● **WHAT IS BEING ASKED**:
Return an exact transcript of the material below from the line containing "move=> hp [q [r [hq [hr ->]]]]." through its final line, and no other lines.

● **DATA**:

------------------------------------------------

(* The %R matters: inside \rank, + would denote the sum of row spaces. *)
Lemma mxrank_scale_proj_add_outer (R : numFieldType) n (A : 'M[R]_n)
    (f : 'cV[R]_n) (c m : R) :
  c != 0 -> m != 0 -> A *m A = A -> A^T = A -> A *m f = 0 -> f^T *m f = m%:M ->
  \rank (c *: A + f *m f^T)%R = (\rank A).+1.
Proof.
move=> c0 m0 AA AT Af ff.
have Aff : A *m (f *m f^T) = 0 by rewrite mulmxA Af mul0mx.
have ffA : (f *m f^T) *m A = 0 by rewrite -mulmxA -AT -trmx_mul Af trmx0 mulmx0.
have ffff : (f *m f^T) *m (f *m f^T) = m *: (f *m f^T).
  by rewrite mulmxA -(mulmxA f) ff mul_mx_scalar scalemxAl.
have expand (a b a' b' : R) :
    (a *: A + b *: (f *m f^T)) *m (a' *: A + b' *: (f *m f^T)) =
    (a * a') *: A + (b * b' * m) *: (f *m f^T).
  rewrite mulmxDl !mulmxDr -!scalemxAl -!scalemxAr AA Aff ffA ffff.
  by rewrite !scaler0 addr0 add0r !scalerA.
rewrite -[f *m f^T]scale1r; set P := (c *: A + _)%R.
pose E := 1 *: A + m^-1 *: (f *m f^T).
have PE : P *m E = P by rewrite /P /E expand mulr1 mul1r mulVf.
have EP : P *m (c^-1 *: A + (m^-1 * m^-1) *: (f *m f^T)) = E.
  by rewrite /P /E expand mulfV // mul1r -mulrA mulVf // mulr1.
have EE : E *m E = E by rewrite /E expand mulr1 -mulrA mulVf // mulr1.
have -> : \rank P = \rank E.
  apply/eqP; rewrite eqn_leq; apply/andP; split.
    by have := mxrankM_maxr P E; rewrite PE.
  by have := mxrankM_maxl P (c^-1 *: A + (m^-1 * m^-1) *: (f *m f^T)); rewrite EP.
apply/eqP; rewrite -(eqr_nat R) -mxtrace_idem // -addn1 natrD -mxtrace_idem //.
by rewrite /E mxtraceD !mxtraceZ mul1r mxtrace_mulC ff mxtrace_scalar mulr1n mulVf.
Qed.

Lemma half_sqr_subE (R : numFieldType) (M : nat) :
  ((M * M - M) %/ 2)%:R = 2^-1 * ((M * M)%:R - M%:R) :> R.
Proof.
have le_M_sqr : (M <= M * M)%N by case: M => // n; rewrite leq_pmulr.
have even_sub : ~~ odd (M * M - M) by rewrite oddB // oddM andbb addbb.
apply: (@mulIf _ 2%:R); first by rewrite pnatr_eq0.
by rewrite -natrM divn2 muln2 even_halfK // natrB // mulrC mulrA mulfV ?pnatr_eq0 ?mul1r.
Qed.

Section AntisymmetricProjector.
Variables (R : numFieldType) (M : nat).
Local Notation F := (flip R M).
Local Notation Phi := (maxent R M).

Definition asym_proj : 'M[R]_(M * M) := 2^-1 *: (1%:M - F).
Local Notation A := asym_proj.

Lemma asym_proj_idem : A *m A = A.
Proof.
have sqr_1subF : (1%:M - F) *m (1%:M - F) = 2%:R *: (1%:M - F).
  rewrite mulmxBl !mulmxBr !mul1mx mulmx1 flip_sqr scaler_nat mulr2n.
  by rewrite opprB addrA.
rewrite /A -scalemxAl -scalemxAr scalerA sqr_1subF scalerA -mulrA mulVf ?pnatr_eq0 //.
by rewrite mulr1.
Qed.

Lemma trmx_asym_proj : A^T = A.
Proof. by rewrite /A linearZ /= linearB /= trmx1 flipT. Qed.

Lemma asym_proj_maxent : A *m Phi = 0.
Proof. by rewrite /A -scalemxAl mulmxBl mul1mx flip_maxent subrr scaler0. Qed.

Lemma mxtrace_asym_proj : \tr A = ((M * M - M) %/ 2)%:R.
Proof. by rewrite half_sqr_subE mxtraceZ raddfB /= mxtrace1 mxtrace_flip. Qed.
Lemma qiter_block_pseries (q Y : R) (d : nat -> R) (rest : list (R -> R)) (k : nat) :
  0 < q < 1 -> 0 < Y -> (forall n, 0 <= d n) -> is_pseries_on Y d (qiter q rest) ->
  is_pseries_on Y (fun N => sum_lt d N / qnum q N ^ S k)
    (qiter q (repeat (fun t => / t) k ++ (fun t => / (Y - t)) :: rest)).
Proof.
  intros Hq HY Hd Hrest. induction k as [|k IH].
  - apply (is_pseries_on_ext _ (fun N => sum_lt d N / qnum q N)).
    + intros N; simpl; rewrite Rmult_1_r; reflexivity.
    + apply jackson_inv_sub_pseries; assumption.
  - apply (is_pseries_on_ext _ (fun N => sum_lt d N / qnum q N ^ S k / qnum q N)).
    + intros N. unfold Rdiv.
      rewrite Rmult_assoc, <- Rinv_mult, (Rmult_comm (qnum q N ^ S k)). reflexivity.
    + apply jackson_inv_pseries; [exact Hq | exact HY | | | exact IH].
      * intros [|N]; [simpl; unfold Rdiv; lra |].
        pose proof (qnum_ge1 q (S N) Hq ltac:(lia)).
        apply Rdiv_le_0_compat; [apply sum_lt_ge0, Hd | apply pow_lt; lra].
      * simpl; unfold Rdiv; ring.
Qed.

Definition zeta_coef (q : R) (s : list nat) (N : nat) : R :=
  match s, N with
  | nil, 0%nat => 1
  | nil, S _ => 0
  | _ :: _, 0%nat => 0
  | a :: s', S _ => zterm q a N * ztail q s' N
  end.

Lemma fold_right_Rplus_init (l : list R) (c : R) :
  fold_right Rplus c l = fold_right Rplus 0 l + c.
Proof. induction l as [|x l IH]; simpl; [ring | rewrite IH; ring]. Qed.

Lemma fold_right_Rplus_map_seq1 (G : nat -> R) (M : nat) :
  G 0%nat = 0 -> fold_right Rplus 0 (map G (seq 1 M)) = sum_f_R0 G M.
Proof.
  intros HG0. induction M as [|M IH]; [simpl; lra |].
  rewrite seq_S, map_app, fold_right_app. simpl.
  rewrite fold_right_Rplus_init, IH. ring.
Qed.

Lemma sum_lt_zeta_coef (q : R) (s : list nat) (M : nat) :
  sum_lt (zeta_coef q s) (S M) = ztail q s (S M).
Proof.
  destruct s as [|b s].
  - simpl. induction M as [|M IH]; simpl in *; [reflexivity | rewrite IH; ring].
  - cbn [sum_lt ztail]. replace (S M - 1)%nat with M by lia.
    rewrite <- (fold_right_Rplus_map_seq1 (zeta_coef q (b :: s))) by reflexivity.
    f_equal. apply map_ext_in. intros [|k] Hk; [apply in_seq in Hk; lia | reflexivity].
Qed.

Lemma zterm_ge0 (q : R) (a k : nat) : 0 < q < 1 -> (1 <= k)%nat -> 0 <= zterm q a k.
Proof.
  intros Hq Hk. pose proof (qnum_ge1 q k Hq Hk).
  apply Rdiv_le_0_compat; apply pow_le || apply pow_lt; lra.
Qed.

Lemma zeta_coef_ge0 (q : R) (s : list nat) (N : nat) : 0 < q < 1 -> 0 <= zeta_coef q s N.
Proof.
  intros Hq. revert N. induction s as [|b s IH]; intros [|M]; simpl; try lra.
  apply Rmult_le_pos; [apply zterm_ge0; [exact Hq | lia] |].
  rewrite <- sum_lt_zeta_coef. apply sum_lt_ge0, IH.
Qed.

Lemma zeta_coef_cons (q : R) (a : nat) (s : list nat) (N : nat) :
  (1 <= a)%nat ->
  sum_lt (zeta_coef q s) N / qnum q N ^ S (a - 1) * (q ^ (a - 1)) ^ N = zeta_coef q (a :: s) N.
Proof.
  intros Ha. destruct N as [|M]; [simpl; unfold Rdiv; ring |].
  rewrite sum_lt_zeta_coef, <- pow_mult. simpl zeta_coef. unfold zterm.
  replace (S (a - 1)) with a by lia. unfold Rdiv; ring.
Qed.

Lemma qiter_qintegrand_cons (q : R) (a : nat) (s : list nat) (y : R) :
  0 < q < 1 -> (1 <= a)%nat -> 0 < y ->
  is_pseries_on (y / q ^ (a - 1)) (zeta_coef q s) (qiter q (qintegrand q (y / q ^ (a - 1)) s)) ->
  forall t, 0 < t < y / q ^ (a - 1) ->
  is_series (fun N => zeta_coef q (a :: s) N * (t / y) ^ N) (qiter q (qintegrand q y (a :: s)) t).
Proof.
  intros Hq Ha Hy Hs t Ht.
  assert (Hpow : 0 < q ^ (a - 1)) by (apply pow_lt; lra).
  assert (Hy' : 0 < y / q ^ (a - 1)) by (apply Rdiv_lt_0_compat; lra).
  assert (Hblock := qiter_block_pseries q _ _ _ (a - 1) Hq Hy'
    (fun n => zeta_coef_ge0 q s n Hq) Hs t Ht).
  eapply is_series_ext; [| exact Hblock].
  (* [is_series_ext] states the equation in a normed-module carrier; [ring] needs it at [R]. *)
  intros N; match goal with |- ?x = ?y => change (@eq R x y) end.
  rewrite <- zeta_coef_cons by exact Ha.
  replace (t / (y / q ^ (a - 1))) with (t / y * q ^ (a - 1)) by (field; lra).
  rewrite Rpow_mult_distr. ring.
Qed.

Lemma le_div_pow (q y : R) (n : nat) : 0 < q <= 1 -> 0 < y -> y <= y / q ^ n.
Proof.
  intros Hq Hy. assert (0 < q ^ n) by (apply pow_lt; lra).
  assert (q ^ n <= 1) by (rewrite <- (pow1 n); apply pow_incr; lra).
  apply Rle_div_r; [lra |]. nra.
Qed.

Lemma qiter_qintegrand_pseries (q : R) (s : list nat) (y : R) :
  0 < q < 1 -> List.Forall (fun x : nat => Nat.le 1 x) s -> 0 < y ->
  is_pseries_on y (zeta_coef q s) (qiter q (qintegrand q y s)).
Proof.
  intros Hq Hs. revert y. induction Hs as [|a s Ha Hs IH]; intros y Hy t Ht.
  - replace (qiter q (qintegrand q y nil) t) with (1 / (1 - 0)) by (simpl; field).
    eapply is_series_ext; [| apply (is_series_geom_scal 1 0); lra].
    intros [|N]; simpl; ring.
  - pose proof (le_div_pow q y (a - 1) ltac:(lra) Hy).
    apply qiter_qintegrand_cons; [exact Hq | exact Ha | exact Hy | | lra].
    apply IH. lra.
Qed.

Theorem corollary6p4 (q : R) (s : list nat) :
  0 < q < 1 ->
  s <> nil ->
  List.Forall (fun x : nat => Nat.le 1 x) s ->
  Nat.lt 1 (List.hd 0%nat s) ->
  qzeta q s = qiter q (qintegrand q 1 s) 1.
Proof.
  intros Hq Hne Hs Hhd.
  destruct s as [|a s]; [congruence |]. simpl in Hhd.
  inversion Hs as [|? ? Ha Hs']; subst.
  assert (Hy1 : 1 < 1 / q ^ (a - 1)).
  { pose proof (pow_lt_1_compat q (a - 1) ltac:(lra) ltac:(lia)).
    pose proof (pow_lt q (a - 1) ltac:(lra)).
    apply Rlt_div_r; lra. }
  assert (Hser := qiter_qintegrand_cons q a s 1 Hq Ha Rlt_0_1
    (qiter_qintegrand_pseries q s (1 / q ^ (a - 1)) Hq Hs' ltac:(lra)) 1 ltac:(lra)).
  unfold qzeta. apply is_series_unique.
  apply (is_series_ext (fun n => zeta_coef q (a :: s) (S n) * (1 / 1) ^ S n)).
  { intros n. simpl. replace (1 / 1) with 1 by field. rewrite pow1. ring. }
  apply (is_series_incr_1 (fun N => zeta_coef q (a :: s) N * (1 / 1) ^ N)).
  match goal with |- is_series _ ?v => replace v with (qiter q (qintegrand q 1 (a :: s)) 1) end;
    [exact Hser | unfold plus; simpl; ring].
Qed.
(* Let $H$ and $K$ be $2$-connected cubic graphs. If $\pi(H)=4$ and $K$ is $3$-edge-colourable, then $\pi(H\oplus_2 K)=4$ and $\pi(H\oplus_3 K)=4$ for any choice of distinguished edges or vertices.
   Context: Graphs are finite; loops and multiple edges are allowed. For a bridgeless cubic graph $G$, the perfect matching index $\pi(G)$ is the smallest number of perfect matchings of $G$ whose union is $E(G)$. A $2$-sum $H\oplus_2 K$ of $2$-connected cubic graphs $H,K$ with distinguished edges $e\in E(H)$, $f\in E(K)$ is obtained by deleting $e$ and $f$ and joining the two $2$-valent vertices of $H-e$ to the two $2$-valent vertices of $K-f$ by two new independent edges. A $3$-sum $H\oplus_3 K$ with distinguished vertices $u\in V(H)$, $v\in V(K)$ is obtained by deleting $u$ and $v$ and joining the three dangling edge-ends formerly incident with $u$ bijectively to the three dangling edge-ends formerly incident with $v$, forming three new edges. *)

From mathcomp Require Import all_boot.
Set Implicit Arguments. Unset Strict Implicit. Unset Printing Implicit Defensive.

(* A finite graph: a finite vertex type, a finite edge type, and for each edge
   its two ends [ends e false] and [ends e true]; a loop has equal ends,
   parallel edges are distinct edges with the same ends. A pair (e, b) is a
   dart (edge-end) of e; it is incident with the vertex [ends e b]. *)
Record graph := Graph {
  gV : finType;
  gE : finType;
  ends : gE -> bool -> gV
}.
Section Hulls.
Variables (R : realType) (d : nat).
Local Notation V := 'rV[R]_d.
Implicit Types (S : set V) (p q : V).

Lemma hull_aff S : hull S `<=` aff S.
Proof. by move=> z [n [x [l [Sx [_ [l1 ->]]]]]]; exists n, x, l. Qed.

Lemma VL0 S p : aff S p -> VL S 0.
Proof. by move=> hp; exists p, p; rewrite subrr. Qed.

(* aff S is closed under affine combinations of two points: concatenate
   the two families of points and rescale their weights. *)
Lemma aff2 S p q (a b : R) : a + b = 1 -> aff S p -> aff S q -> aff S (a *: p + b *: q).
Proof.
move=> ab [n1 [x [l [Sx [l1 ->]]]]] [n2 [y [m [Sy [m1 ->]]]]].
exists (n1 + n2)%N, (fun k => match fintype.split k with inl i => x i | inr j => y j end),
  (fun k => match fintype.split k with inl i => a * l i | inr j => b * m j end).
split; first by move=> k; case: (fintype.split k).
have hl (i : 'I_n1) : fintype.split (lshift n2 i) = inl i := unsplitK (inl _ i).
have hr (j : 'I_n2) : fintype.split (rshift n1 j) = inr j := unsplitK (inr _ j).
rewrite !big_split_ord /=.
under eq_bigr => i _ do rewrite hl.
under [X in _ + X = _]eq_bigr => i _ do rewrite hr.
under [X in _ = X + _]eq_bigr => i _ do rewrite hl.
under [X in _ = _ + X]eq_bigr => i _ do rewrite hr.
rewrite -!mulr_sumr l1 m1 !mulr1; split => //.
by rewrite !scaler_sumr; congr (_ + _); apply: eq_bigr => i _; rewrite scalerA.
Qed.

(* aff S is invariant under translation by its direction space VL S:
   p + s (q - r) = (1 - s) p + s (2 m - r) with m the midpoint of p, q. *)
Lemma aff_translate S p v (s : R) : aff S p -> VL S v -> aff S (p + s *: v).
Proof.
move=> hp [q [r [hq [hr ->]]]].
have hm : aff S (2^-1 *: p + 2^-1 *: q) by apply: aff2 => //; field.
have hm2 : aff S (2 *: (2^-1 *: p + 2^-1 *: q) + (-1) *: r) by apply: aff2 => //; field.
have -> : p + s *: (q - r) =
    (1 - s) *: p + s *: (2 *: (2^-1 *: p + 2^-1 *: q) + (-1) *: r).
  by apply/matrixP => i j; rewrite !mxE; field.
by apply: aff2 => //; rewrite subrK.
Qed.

------------------------------------------------

● **ANSWER BOX**:
move=> hp [q [r [hq [hr ->]]]].
have hm : aff S (2^-1 *: p + 2^-1 *: q) by apply: aff2 => //; field.
have hm2 : aff S (2 *: (2^-1 *: p + 2^-1 *: q) + (-1) *: r) by apply: aff2 => //; field.
have -> : p + s *: (q - r) =
    (1 - s) *: p + s *: (2 *: (2^-1 *: p + 2^-1 *: q) + (-1) *: r).
  by apply/matrixP => i j; rewrite !mxE; field.
by apply: aff2 => //; rewrite subrK.
Qed.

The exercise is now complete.